*Entries provided*
• • • • •

Lemma le_trunc_energy M M' a b : 0 <= M -> M <= M' ->
  trunc_energy M a b <= trunc_energy M' a b.
Proof.
move=> M0 MM'; rewrite /trunc_energy -(clamp_clamp a M0 MM') -(clamp_clamp b M0 MM').
move: (clamp M' a) (clamp M' b) => x y.
have le_pow z : clamp M z ^+ n <= z ^+ n.
  by rewrite ler_expr_even // norm_clamp_le_norm.
rewrite ler_pM ?sqr_ge0 ?lerD ?le_pow ?addr_ge0 ?exprn_even_ge0 //.
rewrite -(real_normK (num_real (clamp M y - clamp M x))) -(real_normK (num_real (y - x))).
by rewrite lerXn2r ?nnegrE ?normr_ge0 ?norm_clampB_le.
Qed.

Lemma trunc_energy_id M a b : `|a| <= M -> `|b| <= M ->
  trunc_energy M a b = (a ^+ n + b ^+ n) * (b - a) ^+ 2.
Proof. by move=> aM bM; rewrite /trunc_energy !clamp_id. Qed.

Section increment.
Variables (M a b : R).
Hypothesis M_ge0 : 0 <= M.
Let u := clamp M a.
Let v := clamp M b.
Let dp := v ^+ n.+1 - u ^+ n.+1.
Let L := n.+1%:R * (`|a| ^+ n + `|b| ^+ n).

Lemma trunc_energy_le_increment : trunc_energy M a b <= 2 * (dp * (v - u)).
Proof. exact: sum_expr_sqrB_le. Qed.

Lemma increment_ge0 : 0 <= dp * (v - u).
Proof. by have := trunc_energy_ge0 M a b; have := trunc_energy_le_increment; lra. Qed.

Lemma increment_le : dp * (v - u) <= dp * (b - a).
Proof.
apply: ler_mul_of_sqr_le; [exact: increment_ge0|exact: sqr_clampB_le|].
by move/eqP; rewrite subr_eq0 /dp => /eqP ->; rewrite subrr.
Qed.
(* Let $d\in\mathbb{N}$, $Q=[-1/2,1/2]^d$, let $z\in\mathbb{R}^d$ be a unit vector and let $s>0$. Then $$|\{y\in Q:\langle z,y\rangle\ge s\}|\le e^{-\frac78 s^2},$$ where $|\cdot|$ denotes Lebesgue measure. *)

From Stdlib Require Import Reals.
Open Scope R_scope.

(* Points of R^d are represented as functions nat -> R; only the
   coordinates 0..d-1 are ever inspected. *)

Fixpoint sumd (d : nat) (f : nat -> R) : R :=
  match d with
  | O => 0
  | S n => sumd n f + f n
  end.

Fixpoint prodd (d : nat) (f : nat -> R) : R :=
  match d with
  | O => 1
  | S n => prodd n f * f n
  end.

Definition inner (d : nat) (z y : nat -> R) : R := sumd d (fun i => z i * y i).

Definition in_box (d : nat) (a b y : nat -> R) : Prop :=
  forall i, (i < d)%nat -> a i <= y i <= b i.

Definition box_vol (d : nat) (a b : nat -> R) : R := prodd d (fun i => b i - a i).

(* Lebesgue (outer) measure in R^d, defined as the infimum over countable
   covers by closed boxes of the total volume.  [leb_measure_le d A c]
   literally unfolds "lambda_d(A) <= c":  for every eps > 0 there is a
   countable cover of A by boxes whose total volume is <= c + eps. *)
Definition leb_measure_le (d : nat) (A : (nat -> R) -> Prop) (c : R) : Prop :=
  forall eps : R, 0 < eps ->
    exists (a b : nat -> nat -> R) (l : R),
      (forall k i, (i < d)%nat -> a k i <= b k i) /\
      (forall y, A y -> exists k, in_box d (a k) (b k) y) /\
      infinite_sum (fun k => box_vol d (a k) (b k)) l /\
      l <= c + eps.

Definition cubeQ (d : nat) (y : nat -> R) : Prop :=
  forall i, (i < d)%nat -> -(1/2) <= y i <= 1/2.

From Stdlib Require Import Reals Lra Lia List.
Open Scope R_scope.

(* Chernoff's bound, proved by induction on the dimension with finite box
   covers.  Cut the last coordinate of the cube into 2m slabs of width
   h = 1/(2m) centred at +-c_j, c_j = (j + 1/2) h.  On the slab centred at c,
   z_d y_d <= z_d c + |z_d| h/2, so that slab is covered by a lower-dimensional
   cover at a shifted level times [c - h/2, c + h/2].  Pairing opposite slabs,
   coordinate d contributes the factor
   exp(lam |z_d| h/2) * h sum_j 2 cosh(lam z_d c_j) <= exp(lam |z_d| h/2 + 11/40 lam^2 z_d^2),
   since cosh x <= exp(11/10 x^2) (by Taylor for |x| <= 1/11, then for all x by
   cosh 2x = 2 cosh^2 x - 1).  With |z| = 1, lam = 20s/11 and m so large that
   the h-terms contribute at most s^2/44, the exponent is
   -(10/11) s^2 + s^2/44 = -(39/44) s^2 <= -(7/8) s^2. *)

Lemma sumd_ext d f g :
  (forall i, (i < d)%nat -> f i = g i) -> sumd d f = sumd d g.
Proof.
  induction d as [|d IH]; intros H; simpl; auto.
  rewrite IH, H by (auto; intros; apply H; lia). reflexivity.
Qed.

Lemma prodd_ext d f g :
  (forall i, (i < d)%nat -> f i = g i) -> prodd d f = prodd d g.
Proof.
  induction d as [|d IH]; intros H; simpl; auto.
  rewrite IH, H by (auto; intros; apply H; lia). reflexivity.
Qed.

Lemma sumd_le d f g :
  (forall i, (i < d)%nat -> f i <= g i) -> sumd d f <= sumd d g.
Proof.
  induction d as [|d IH]; intros H; simpl; [lra|].
  assert (sumd d f <= sumd d g) by (apply IH; intros; apply H; lia).
  assert (f d <= g d) by (apply H; lia). lra.
Qed.

Lemma sumd_add d f g : sumd d (fun i => f i + g i) = sumd d f + sumd d g.
Proof. induction d as [|d IH]; simpl; [lra|]. rewrite IH. ring. Qed.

• • • • •

*Your instructions*
Your reply is to repeat, unchanged, the lines above running from the one with "rewrite ler_pM ?sqr_ge0" up to and including the one with "Lemma trunc_energy_le_increment : trunc_energy".

*Reply to the exercise*
rewrite ler_pM ?sqr_ge0 ?lerD ?le_pow ?addr_ge0 ?exprn_even_ge0 //.
rewrite -(real_normK (num_real (clamp M y - clamp M x))) -(real_normK (num_real (y - x))).
by rewrite lerXn2r ?nnegrE ?normr_ge0 ?norm_clampB_le.
Qed.

Lemma trunc_energy_id M a b : `|a| <= M -> `|b| <= M ->
  trunc_energy M a b = (a ^+ n + b ^+ n) * (b - a) ^+ 2.
Proof. by move=> aM bM; rewrite /trunc_energy !clamp_id. Qed.

Section increment.
Variables (M a b : R).
Hypothesis M_ge0 : 0 <= M.
Let u := clamp M a.
Let v := clamp M b.
Let dp := v ^+ n.+1 - u ^+ n.+1.
Let L := n.+1%:R * (`|a| ^+ n + `|b| ^+ n).

Lemma trunc_energy_le_increment : trunc_energy M a b <= 2 * (dp * (v - u)).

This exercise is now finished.